Considerations concerning laparoscopic cholecystectomy in the extremely elderly

Affiliations
Comparative Study

Considerations concerning laparoscopic cholecystectomy in the extremely elderly

Theodoros E Pavlidis et al. J Laparoendosc Adv Surg Tech A. 2008 Feb.

Abstract

Background: Since octogenarians become a growing part of the population and surgical care is possible in them, this study was conducted to evaluate the outcome of laparoscopic cholecystectomy in patients 80 years of age and over.

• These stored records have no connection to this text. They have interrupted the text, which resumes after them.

(* The closedness fields are what allow homogeneity to extend [f] glued with [p]. *)
Record bf_inv (X : {fset V}) (f : V -> V) (Y : {fset V}) (g : V -> V) : Prop := BFInv {
  bf_fK : forall x, x \in X -> f x \in Y /\ g (f x) = x;
  bf_gK : forall y, y \in Y -> g y \in X /\ f (g y) = y;
  bf_fp : forall x, x \in X -> base x -> f x = p x;
  bf_gq : forall y, y \in Y -> base y -> g y = q y;
  bf_fE : forall x z, x \in X -> z \in X -> E (f x) (f z) = E x z;
  bf_fpE : forall x z, x \in X -> base z -> E (f x) (p z) = E x z;
  bf_gqE : forall y z, y \in Y -> base z -> E (g y) (q z) = E y z;
  bf_closedX : forall B1, within base B1 -> closed (X `|` B1);
  bf_closedY : forall B1, within base B1 -> closed (Y `|` B1) }.

Lemma p_inj B0 : within base B0 -> {in B0 &, injective p}.
Proof. by move=> hB0 a b aB bB e; rewrite -(qp (hB0 a aB)) e qp //; apply: hB0. Qed.

Lemma within_imp B0 : within base B0 -> within base (p @` B0).
Proof. by move=> hB0 y /imfsetP [b bB ->]; apply/hp/hB0. Qed.

Definition glue (X : {fset V}) (f : V -> V) z := if z \in X then f z else p z.

Section Glue.
Variables (X Y B0 : {fset V}) (f g : V -> V).
Hypotheses (bf : bf_inv X f Y g) (hB0 : within base B0).

Let gluep z : z \in B0 -> glue X f z = p z.
Proof. by move=> zB; rewrite /glue; case: ifP => // zX; apply: (bf_fp bf) => //; apply: hB0. Qed.

Variant glue_spec z : V -> Prop :=
  | GlueX of z \in X : glue_spec z (f z)
  | GlueB of z \notin X & z \in B0 : glue_spec z (p z).
(* Assume $\mu_n\to0$ and $n^{1/2}\mu_n\to\mathfrak m$ with $0\le\mathfrak m<\infty$, and suppose $\theta_n\in\mathbb R$ satisfies $n^{1/2}\theta_n\to\nu\in\mathbb R\cup\{-\infty,\infty\}$. If $\nu\in\mathbb R$, then $F_{A,n,\theta_n}$ converges weakly to the distribution with cdf $$x\mapsto \mathbf 1(x+\nu\ge0)\,\Phi\Big(-\frac{\nu-x}{2}+\sqrt{\big(\tfrac{\nu+x}{2}\big)^2+\mathfrak m^2}\Big)+\mathbf 1(x+\nu<0)\,\Phi\Big(-\frac{\nu-x}{2}-\sqrt{\big(\tfrac{\nu+x}{2}\big)^2+\mathfrak m^2}\Big).$$ If $|\nu|=\infty$, then $F_{A,n,\theta_n}$ converges weakly to $\Phi$ (the standard normal distribution).
   Context: Gaussian location model: for each sample size $n$, $y_1,\dots,y_n$ are i.i.d. $N(\theta,1)$ with $\theta\in\mathbb R$ unknown; $\bar y$ is their mean. $P_{n,\theta}$ denotes the probability governing a sample of size $n$ when $\theta$ is the true parameter. Given a nonrandom tuning parameter $\mu_n>0$, the adaptive LASSO estimator is $\hat\theta_A=0$ if $|\bar y|\le\mu_n$ and $\hat\theta_A=\bar y-\mu_n^2/\bar y$ if $|\bar y|>\mu_n$. $F_{A,n,\theta}$ denotes the cdf of $n^{1/2}(\hat\theta_A-\theta)$ under $P_{n,\theta}$. $\Phi$ is the standard normal cdf. *)

From Stdlib Require Import Reals Lra ClassicalEpsilon.
Open Scope R_scope.

Definition phi (z : R) : R := exp (- (z ^ 2) / 2) / sqrt (2 * PI).

Definition ind (A : R -> bool) (z : R) : R := if A z then 1 else 0.
(* For a Lie superalgebra $L$, \[Z^{*}(L)=\bigcap\{\phi(Z(M)) : \phi:M\to L \text{ is an epimorphism of Lie superalgebras with } \ker\phi\subseteq Z(M)\}.\]
   Context: All algebras are over a field $\mathbb{F}$ of characteristic $\neq 2,3$. A Lie superalgebra $L$ is capable if $L\cong H/Z(H)$ for some Lie superalgebra $H$. The epicenter $Z^{*}(L)$ is the smallest graded ideal $I$ of $L$ such that $L/I$ is capable. Homomorphisms of Lie superalgebras are even (degree-preserving). *)

From HB Require Import structures.
From mathcomp Require Import all_boot all_order all_algebra.
Set Implicit Arguments. Unset Strict Implicit. Unset Printing Implicit Defensive.
Import GRing.Theory.
Local Open Scope ring_scope.

Definition ssign (R : pzRingType) (b : bool) : R := (-1) ^+ b.

(* A Lie superalgebra over F: an F-vector space V with a linear idempotent
   projection [even] onto the even part V0 (whose kernel is the odd part V1),
   so V = V0 (+) V1, together with a bilinear bracket satisfying the graded
   conditions, super skew-symmetry and the super Jacobi identity on
   homogeneous elements. *)
Record LieSA (F : fieldType) := {
  carrier : lmodType F;
  even : carrier -> carrier;
  lie : carrier -> carrier -> carrier;
  even_lin : forall (a : F) x y, even (a *: x + y) = a *: even x + even y;
  even_idem : forall x, even (even x) = even x;
  lie_linl : forall (a : F) x y z, lie (a *: x + y) z = a *: lie x z + lie y z;
  lie_linr : forall (a : F) x y z, lie x (a *: y + z) = a *: lie x y + lie x z;
  (* homogeneity of parity p : even x = x if p = false (even), 0 if odd *)
  lie_graded : forall (p q : bool) x y,
      even x = (if p then 0 else x) -> even y = (if q then 0 else y) ->
      even (lie x y) = (if p (+) q then 0 else lie x y);
  lie_superskew : forall (p q : bool) x y,
      even x = (if p then 0 else x) -> even y = (if q then 0 else y) ->
      lie x y = - (ssign F (p && q) *: lie y x);
  lie_superjacobi : forall (p q r : bool) x y z,
      even x = (if p then 0 else x) -> even y = (if q then 0 else y) ->
      even z = (if r then 0 else z) ->
      ssign F (p && r) *: lie x (lie y z) + ssign F (q && p) *: lie y (lie z x)
        + ssign F (r && q) *: lie z (lie x y) = 0
}.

Methods: From June 1993 to May 2006, a total of 1263 patients underwent a laparoscopic cholecystectomy, applying the four-trocar American technique; 21 among them were >/=80 years. We retrospectively reviewed patients' age, gender, indication for surgery, comorbid conditions, American Society of Anesthesiologists (ASA) score, conversion to open procedure, postoperative complications, and length of hospital stay.

Results: The mean age in the >/=80 group was 82.5+/-3 and 57% were women, while in the <80 group 72% of patients were women. Recurrent biliary colic was the most frequent (62%) indication for surgery among the elderly patients. Endoscopic retrograde cholangiopancreatography and endoscopic sphincterotomy were performed preoperatively in 6 elderly patients (29%); there were 4 cases of acute calculus pancreatitis and 2 cases of acute cholangitis. A high surgical risk (ASA score of III and IV) was estimated in 11 patients (52%) from the >/=80 group versus 32% in the <80 group (P =0.047). Conversion rate was higher (19%) and hospital stay was longer (4.9 days) in the >/=80 group, compared to younger patients (P =0.01). Mortality was zero and morbidity was 14% versus 3% in the <80 group (P =0.03), including 1 case of postoperative bleeding, 1 case of wound infection, and 1 case of pulmonary atelectasis, respectively.

Conclusions: Laparoscopic cholecystectomy in the extremely elderly is safe and well tolerated; however, it is associated with a higher conversion rate, increased morbidity, and a longer hospital stay.